Do you support GPUs? Multithreading? Distributed computation?

Yes. The *DiffEq.jl libraries (OrdinaryDiffEq.jl, StochasticDiffEq.jl, and DelayDiffEq.jl) are all written to be generic to the array and number types. This means they will adopt the implementation that is given by the array type. The in-place algorithms internally utilize Julia's broadcast (with some exceptions due to a Julia bug for now, see this issue) and Julia's A_mul_B! in-place matrix multiplication function. The out-of-place algorithms utilize standard arithmetical functions. Both additionally utilize the user's norm specified via the common interface options and, if a stiff solver, ForwardDiff/DiffEqDiffTools for the Jacobian calculation, and Base linear factorizations for the linear solve. For your type, you may likely need to give a better form of the norm, Jacobian, or linear solve calculations to fully utilize parallelism.

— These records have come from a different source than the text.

(* Let $R=R_0\oplus R_1\oplus\cdots\oplus R_{p-1}$ be a commutative $\mathbb Z/p\mathbb Z$-graded $F$-algebra and $I=\sum_{i+j=p}R_iR_j\subset R_0$ (sum over $1\le i,j\le p-1$). The following are equivalent: (1) $X^G=\emptyset$, where $X^G=\mathrm{Spec}(R_0/I)$; (2) $I=R_0$; (3) $R_i^p=R_0$ for all $i=1,\dots,p-1$; (4) $R_1^p=R_0$; (5) $R_iR_{p-i}=R_0$ for each $i=1,\dots,p-1$; (6) for all $k,l\in\{0,\dots,p-1\}$ the multiplication map $R_k\otimes_{R_0}R_l\to R_{k+l}$ (index mod $p$) is an isomorphism; (7) the homomorphism $\Phi:R\otimes_{R_0}R\to F[t]/(t^p-1)\otimes_F R$ given by $a_k\otimes b_l\mapsto t^k\otimes a_kb_l$ for $a_k\in R_k$, $b_l\in R_l$ is an isomorphism.
   Context: $p$ is a prime and $F$ a field. A $\mathbb Z/p\mathbb Z$-grading of $R$ corresponds to an action of $G=\mu_p=\mathrm{Spec}\,F[t]/(t^p-1)$ on $X=\mathrm{Spec}\,R$, with coaction $r_0+\cdots+r_{p-1}\mapsto\sum_i t^i\otimes r_i$. $R_i^p$ denotes the additive subgroup of $R$ generated by products of $p$ elements of $R_i$ (it lies in $R_0$); $R_iR_j$ likewise denotes the additive span of products. *)

From HB Require Import structures.
From mathcomp Require Import all_boot all_order all_algebra.
Set Implicit Arguments. Unset Strict Implicit. Unset Printing Implicit Defensive.
Import GRing.Theory.
Local Open Scope ring_scope.

Section GradedDefs.
Variables (F : fieldType) (R : comAlgType F).

(* A Z/pZ-grading of the F-algebra R, given by the family of projections
   pr i : R -> R_i (i < p), i.e. r = r_0 + ... + r_{p-1} with r_i = pr i r.
   (This is the same datum as the coaction r |-> sum_i t^i (x) r_i.) *)
Definition Zp_grading (p : nat) (pr : nat -> R -> R) : Prop :=
  [/\ forall i, (i < p)%N -> forall x y, pr i (x + y) = pr i x + pr i y,
      forall i, (i < p)%N -> forall (a : F) x, pr i (a *: x) = a *: pr i x,
      forall x, x = \sum_(i < p) pr i x,
      forall i j, (i < p)%N -> (j < p)%N -> forall x,
        pr i (pr j x) = (if i == j then pr j x else 0) &
      forall i j, (i < p)%N -> (j < p)%N -> forall x y,
        pr i x = x -> pr j y = y -> pr ((i + j) %% p)%N (x * y) = x * y].

Definition hcomp (pr : nat -> R -> R) (i : nat) : R -> Prop := fun x => pr i x = x.

Definition addspan (S : R -> Prop) : R -> Prop :=
  fun x => exists s : seq (int * R),
    (forall c, c \in s -> S c.2) /\ x = \sum_(c <- s) c.2 *~ c.1.

Definition prodspan (A B : R -> Prop) : R -> Prop :=
  addspan (fun x => exists a b, [/\ A a, B b & x = a * b]).

Definition powspan (A : R -> Prop) (n : nat) : R -> Prop :=
  addspan (fun x => exists a : 'I_n -> R, (forall j, A (a j)) /\ x = \prod_(j < n) a j).

Definition fixed_ideal (p : nat) (pr : nat -> R -> R) : R -> Prop :=
  addspan (fun x => exists i a b,
    [/\ (0 < i < p)%N, hcomp pr i a, hcomp pr (p - i)%N b & x = a * b]).

Definition prime_ideal_in (S P : R -> Prop) : Prop :=
  [/\ forall x, P x -> S x, P 0, forall x y, P x -> P y -> P (x - y) &
      forall s x, S s -> P x -> P (s * x)] /\
  ~ P 1 /\ (forall x y, S x -> S y -> P (x * y) -> P x \/ P y).

(* Spec(S / I) = empty: no prime ideal of S/I, i.e. (correspondence theorem)
   no prime ideal of S containing I. *)
Definition spec_quot_empty (S I : R -> Prop) : Prop :=
  ~ exists P, prime_ideal_in S P /\ (forall x, I x -> P x).

(* Tensor product A (x)_S B of S-modules A, B (sub-S-modules of R):
   formal sums (lists) of pairs (a, b), a in A, b in B, modulo the
   congruence generated by bilinearity and S-balancedness. *)
Inductive tens_equiv (S A B : R -> Prop) : seq (R * R) -> seq (R * R) -> Prop :=
| te_refl s : tens_equiv S A B s s
| te_sym s t : tens_equiv S A B s t -> tens_equiv S A B t s
| te_trans s t u : tens_equiv S A B s t -> tens_equiv S A B t u -> tens_equiv S A B s u
| te_cat s s' t t' : tens_equiv S A B s t -> tens_equiv S A B s' t' ->
    tens_equiv S A B (s ++ s') (t ++ t')
| te_swap s t : tens_equiv S A B (s ++ t) (t ++ s)
| te_addl a a' b : A a -> A a' -> B b ->
    tens_equiv S A B [:: (a + a', b)] [:: (a, b); (a', b)]
| te_addr a b b' : A a -> B b -> B b' ->
    tens_equiv S A B [:: (a, b + b')] [:: (a, b); (a, b')]
| te_zerol b : B b -> tens_equiv S A B [:: (0, b)] [::]
| te_zeror a : A a -> tens_equiv S A B [:: (a, 0)] [::]
| te_bal s a b : S s -> A a -> B b ->
    tens_equiv S A B [:: (s * a, b)] [:: (a, s * b)].

Definition in_pairs (A B : R -> Prop) (s : seq (R * R)) : Prop :=
  forall x, x \in s -> A x.1 /\ B x.2.

(* The map A (x)_S B -> C induced by the balanced biadditive map phi
   (a (x) b |-> phi a b) is an isomorphism onto C. *)
Definition tensor_iso (S A B : R -> Prop) (T : zmodType) (phi : R -> R -> T)
    (C : T -> Prop) : Prop :=
  [/\ forall s, in_pairs A B s -> C (\sum_(x <- s) phi x.1 x.2),
      forall c, C c -> exists s, in_pairs A B s /\ c = \sum_(x <- s) phi x.1 x.2 &
      forall s t, in_pairs A B s -> in_pairs A B t ->
        \sum_(x <- s) phi x.1 x.2 = \sum_(x <- t) phi x.1 x.2 ->
        tens_equiv S A B s t].

(* Phi : R (x)_{R_0} R -> F[t]/(t^p-1) (x)_F R, where the target is identified
   with {ffun 'I_p -> R} via the F-basis 1, t, ..., t^(p-1):
   a (x) b |-> sum_k t^k (x) a_k b. *)
Definition Phi_map (p : nat) (pr : nat -> R -> R) (a b : R) : {ffun 'I_p -> R} :=
  [ffun k : 'I_p => pr k a * b].

End GradedDefs.

From HB Require Import structures.
From mathcomp Require Import all_boot all_order all_algebra.
From mathcomp Require Import zify ring.
From mathcomp Require Import boolp classical_sets.
Import GRing.Theory.
Set Implicit Arguments. Unset Strict Implicit.

(* Everything passes through the condition that [1] lies in [R_j R_(p-j)] for
   every [0 < j < p].  If [1] lies in [I] but not in [R_j R_(p-j)], some prime [P]
   of [R_0] contains [R_j R_(p-j)], while some generator [a b] of [I], with
   [a] in [R_i] and [b] in [R_(p-i)], avoids [P]; yet [(a b)^k = a^k b^k] lies in
   [R_j R_(p-j)] for [k i = j mod p], contradicting primality.  Conversely a
   decomposition [1 = sum_m u_m v_m] with [u_m] in [R_k] and [v_m] in [R_(-k)]
   yields the normal form [a (x) b ~ sum_m u_m (x) v_m a b] for [a] in [R_k]; it
   makes the multiplication maps and [Phi] injective, and it peels factors of
   [R_i] off any element of [R_0], so that [R_i^p = R_0]. *)

Lemma eq_modn_addr p i j k : i < p -> j <= p -> k < p ->
  ((i + j) %% p == k) = (i == (k + (p - j)) %% p).
Proof.
move=> ip jp kp; rewrite -{1}(modn_small kp) -(eqn_modDr (p - j)) -addnA subnKC //.
by rewrite modnDr modn_small.
Qed.

Lemma modn_mul_solvable p i j : 0 < i -> coprime i p -> exists k, k * i = j %[mod p].
Proof.
move=> i0 /(coprimeP _ i0) [[u v] /= e]; exists (j * u).
have -> : j * u * i = j * v * p + j by nia.
by rewrite modnMDl.
Qed.

Lemma modn_mul_subn p k i j : i <= p -> j <= p ->
  k * i = j %[mod p] -> k * (p - i) = p - j %[mod p].
Proof.
move=> ip jp kij; apply/eqP; rewrite -(eqn_modDr j) subnK // -modnDmr -kij modnDmr.
by rewrite -mulnDr subnK // modnMl modnn.
Qed.

Local Open Scope ring_scope.

Lemma zmod_closedMz (V : zmodType) (Q : V -> Prop) :
  Q 0 -> (forall x y, Q x -> Q y -> Q (x - y)) -> forall x n, Q x -> Q (x *~ n).
Proof.
move=> Q0 QB x n Qx.
have QN y : Q y -> Q (- y) by move=> /(QB 0 y Q0); rewrite sub0r.
have QMn m : Q (x *+ m).
  elim: m => [|m IH]; first by rewrite mulr0n.
  by rewrite mulrS -[X in _ + X]opprK; apply: QB => //; apply: QN.
by case: n => m; [exact: QMn | rewrite NegzE mulrNz; exact/QN/QMn].
Qed.

Lemma unit_sum_expand (R : comPzRingType) (U : seq (R * R)) x :
  1 = \sum_(c <- U) c.1 * c.2 -> x = \sum_(c <- U) c.1 * (c.2 * x).
Proof.
move=> eU; rewrite -[LHS]mul1r eU mulr_suml.
by apply: eq_bigr => c _; rewrite mulrA.
Qed.

Section TensorEquiv.
Variables (F : fieldType) (R : comAlgType F) (S A B : R -> Prop).
Local Notation TE := (tens_equiv S A B).

Lemma te_interchange (x X y Y : seq (R * R)) :
  TE ((x ++ X) ++ (y ++ Y)) ((x ++ y) ++ (X ++ Y)).
Proof.
rewrite -!catA; apply: te_cat; first exact: te_refl.
by rewrite !catA; apply: te_cat; [exact: te_swap | exact: te_refl].
Qed.

Lemma te_flatten (I : eqType) (l : seq I) (f g : I -> seq (R * R)) :
  (forall i, i \in l -> TE (f i) (g i)) ->
  TE (flatten (map f l)) (flatten (map g l)).
Proof.
elim: l => [|i l IH] h /=; first exact: te_refl.
apply: te_cat; first by apply: h; rewrite mem_head.
by apply: IH => j jl; apply: h; rewrite inE jl orbT.
Qed.

Lemma te_flatten_cat (I : Type) (l : seq I) (f g : I -> seq (R * R)) :
  TE (flatten (map f l) ++ flatten (map g l)) (flatten (map (fun i => f i ++ g i) l)).
Proof.
elim: l => [|i l IH] /=; first exact: te_refl.
exact: te_trans (te_interchange _ _ _ _) (te_cat (te_refl _ _ _ _) IH).
Qed.

Lemma te_map (I : eqType) (l : seq I) (f g : I -> R * R) :
  (forall i, i \in l -> TE [:: f i] [:: g i]) -> TE (map f l) (map g l).
Proof. by move=> h; rewrite -(flatten_map1 f) -(flatten_map1 g); apply: te_flatten. Qed.

Lemma te_flatten_nil (I : eqType) (l : seq I) (f : I -> seq (R * R)) :
  (forall i, i \in l -> TE [::] (f i)) -> TE [::] (flatten (map f l)).
Proof.
elim: l => [|i l IH] h /=; first exact: te_refl.
apply: (@te_cat _ _ _ _ _ [::] [::]); first by apply: h; rewrite mem_head.
by apply: IH => j jl; apply: h; rewrite inE jl orbT.
Qed.

Lemma te_addl_sum (ys : seq R) b :
  A 0 -> (forall x y, A x -> A y -> A (x + y)) -> B b ->
  (forall y, y \in ys -> A y) ->
  TE [:: (\sum_(y <- ys) y, b)] [seq (y, b) | y <- ys].
Proof.
move=> A0 AD Bb; elim: ys => [|y ys IH] h /=.
  by rewrite big_nil; exact: te_zerol.
have Ay : A y by apply: h; rewrite mem_head.
have Ays z : z \in ys -> A z by move=> zs; apply: h; rewrite inE zs orbT.
have Asum : A (\sum_(z <- ys) z) by rewrite big_seq; apply: big_ind.
rewrite big_cons; apply: te_trans (te_addl S Ay Asum Bb) _.
exact: (@te_cat _ _ _ _ _ [:: _] _ [:: _]) (te_refl _ _ _ _) (IH Ays).
Qed.

(* With [1 = sum_(u, v) u v], [tens_scale U c] is a normal form for the tensors
   whose product is [c]. *)
Definition tens_scale (U : seq (R * R)) (c : R) := [seq (uv.1, uv.2 * c) | uv <- U].

Lemma te_scale0 U : (forall uv, uv \in U -> A uv.1) -> TE [::] (tens_scale U 0).
Proof.
elim: U => [|uv U IH] h /=; first exact: te_refl.
rewrite mulr0; apply: (@te_cat _ _ _ _ _ [::] [::] [:: _]).
  by apply/te_sym/te_zeror; apply: h; rewrite mem_head.
by apply: IH => w ws; apply: h; rewrite inE ws orbT.
Qed.

Lemma te_scaleD U c d :
  (forall uv, uv \in U -> [/\ A uv.1, B (uv.2 * c) & B (uv.2 * d)]) ->
  TE (tens_scale U c ++ tens_scale U d) (tens_scale U (c + d)).
Proof.
elim: U => [|uv U IH] h /=; first exact: te_refl.
have [Au Bc Bd] := h uv (mem_head _ _).
apply: te_trans (te_interchange [:: _] _ [:: _] _) _.
apply: (@te_cat _ _ _ _ _ [:: _; _] _ [:: _]).
  by rewrite mulrDr; apply/te_sym/te_addr.
by apply: IH => w ws; apply: h; rewrite inE ws orbT.
Qed.

(* Split [x] as [sum_(u, v) u (v x)] and move each scalar [v x] of [S] across. *)
Lemma te_pair_scale (U : seq (R * R)) x b :
  A 0 -> (forall y z, A y -> A z -> A (y + z)) -> B b ->
  (forall uv, uv \in U -> [/\ A uv.1, A (uv.1 * (uv.2 * x)) & S (uv.2 * x)]) ->
  x = \sum_(uv <- U) uv.1 * (uv.2 * x) ->
  TE [:: (x, b)] (tens_scale U (x * b)).
Proof.
move=> A0 AD Bb hU ex.
rewrite {1}ex -(big_map (fun uv => uv.1 * (uv.2 * x)) predT id).
apply: te_trans (te_addl_sum A0 AD Bb _) _.
  by move=> y /mapP [uv uvU ->]; have [] := hU uv uvU.
rewrite /tens_scale -map_comp; apply: te_map => uv uvU /=.
have [Au _ Svx] := hU uv uvU.
by rewrite mulrC mulrA; exact: te_bal.
Qed.

Section NormalForm.
Variables (T : zmodType) (phi : R -> R -> T) (D : T -> Prop) (C : T -> seq (R * R)).
Hypotheses (D0 : D 0) (DD : forall x y, D x -> D y -> D (x + y)).
Hypothesis Dphi : forall a b, A a -> B b -> D (phi a b).
Hypotheses (C0 : TE [::] (C 0)) (CD : forall x y, D x -> D y -> TE (C x ++ C y) (C (x + y))).
Hypothesis Cphi : forall a b, A a -> B b -> TE [:: (a, b)] (C (phi a b)).

Lemma te_normal_form s : in_pairs A B s ->
  D (\sum_(x <- s) phi x.1 x.2) /\ TE s (C (\sum_(x <- s) phi x.1 x.2)).
Proof.
elim: s => [|[a b] s IH] hs; first by rewrite big_nil.
have [Aa Bb] := hs _ (mem_head _ _).
have [Ds TEs] := IH (fun z zs => hs z (@mem_behead _ ((a, b) :: s) z zs)).
rewrite big_cons /=; split; first exact: DD (Dphi Aa Bb) Ds.
apply: te_trans (CD (Dphi Aa Bb) Ds).
exact: (@te_cat _ _ _ _ _ [:: _] _ _ _ (Cphi Aa Bb) TEs).
Qed.

Lemma te_sum_inj s t : in_pairs A B s -> in_pairs A B t ->
  \sum_(x <- s) phi x.1 x.2 = \sum_(x <- t) phi x.1 x.2 -> TE s t.
Proof.
move=> hs ht e; have [_ TEs] := te_normal_form hs; have [_ TEt] := te_normal_form ht.
by rewrite e in TEs; exact: te_trans TEs (te_sym TEt).
Qed.

End NormalForm.
End TensorEquiv.

Section AddSpan.
Variables (F : fieldType) (R : comAlgType F).

Lemma addspan_sub (S : R -> Prop) x : S x -> addspan S x.
Proof.
move=> Sx; exists [:: (1%:Z, x)]; split; last by rewrite big_seq1.
by move=> c; rewrite inE => /eqP ->.
Qed.

Lemma addspan_ind (S Q : R -> Prop) :
  Q 0 -> (forall x y, Q x -> Q y -> Q (x + y)) -> (forall x n, S x -> Q (x *~ n)) ->
  forall x, addspan S x -> Q x.
Proof.
move=> Q0 QD QMz x [s [hs ->]]; rewrite big_seq; apply: big_ind => // c cs.
exact/QMz/hs.
Qed.

Lemma addspan0 (S : R -> Prop) : addspan S 0.
Proof. by exists [::]; split; rewrite ?big_nil. Qed.

Lemma addspanD (S : R -> Prop) x y : addspan S x -> addspan S y -> addspan S (x + y).
Proof.
move=> [s [hs ->]] [t [ht ->]]; exists (s ++ t); split; last by rewrite big_cat.
by move=> c; rewrite mem_cat => /orP [/hs|/ht].
Qed.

GPUArrays.jl, ArrayFire.jl, DistributedArrays.jl have been tested and work in various forms, where the last one is still not recommended for common use yet.

The next question is whether it matters. Generally, your system has to be large for parallelism to matter. Using a multithreaded array for broadcast we find helpful around N>1000, though the Sundials manual says N>100,000. For high order Runge-Kutta methods it's likely lower than the Sundials estimate because of more operations packed into each internal step, but as always that will need more benchmarks to be precise and will depend on the problem being solved. GPUs generally require some intensive parallel operation in the user's f function to be viable, for example a matrix multiplication for a stencil computation in a PDE. If you're simply solving some ODE element-wise on a big array it likely won't do much or it will slow things down just due to how GPUs work. DistributedArrays require parallel linear solves to really matter, and thus are only recommended when you have a problem that cannot fit into memory or are using a stiff solver with a Krylov method for the linear solves.

My ODE is solving really slow... what do I do?

First, check for bugs. These solvers go through a ton of convergence tests and so if there's a solver issue, it's either just something to do with how numerical methods work or it's a user-error (generally the latter, though check the later part of the FAQ on normal numerical errors). User-errors in the f function causing a divergence of the solution is the most common reason for reported slow codes.

If you have no bugs, great! The standard tricks for optimizing Julia code then apply. What you want to do first is make sure your function does not allocate. If your system is small (<=100 ODEs/SDEs/DDEs/DAEs?), then you should set your system up to use StaticArrays.jl. This is demonstrated in the ODE tutorial with static matrices. Static vectors/arrays are stack-allocated, and thus creating new arrays is free and the compiler doesn't have to heap-allocate any of the temporaries (that's the expensive part!). These have specialized super fast dispatches for arithmetic operations and extra things like QR-factorizations, and thus they are preferred when possible. However, they lose efficiency if they grow too large.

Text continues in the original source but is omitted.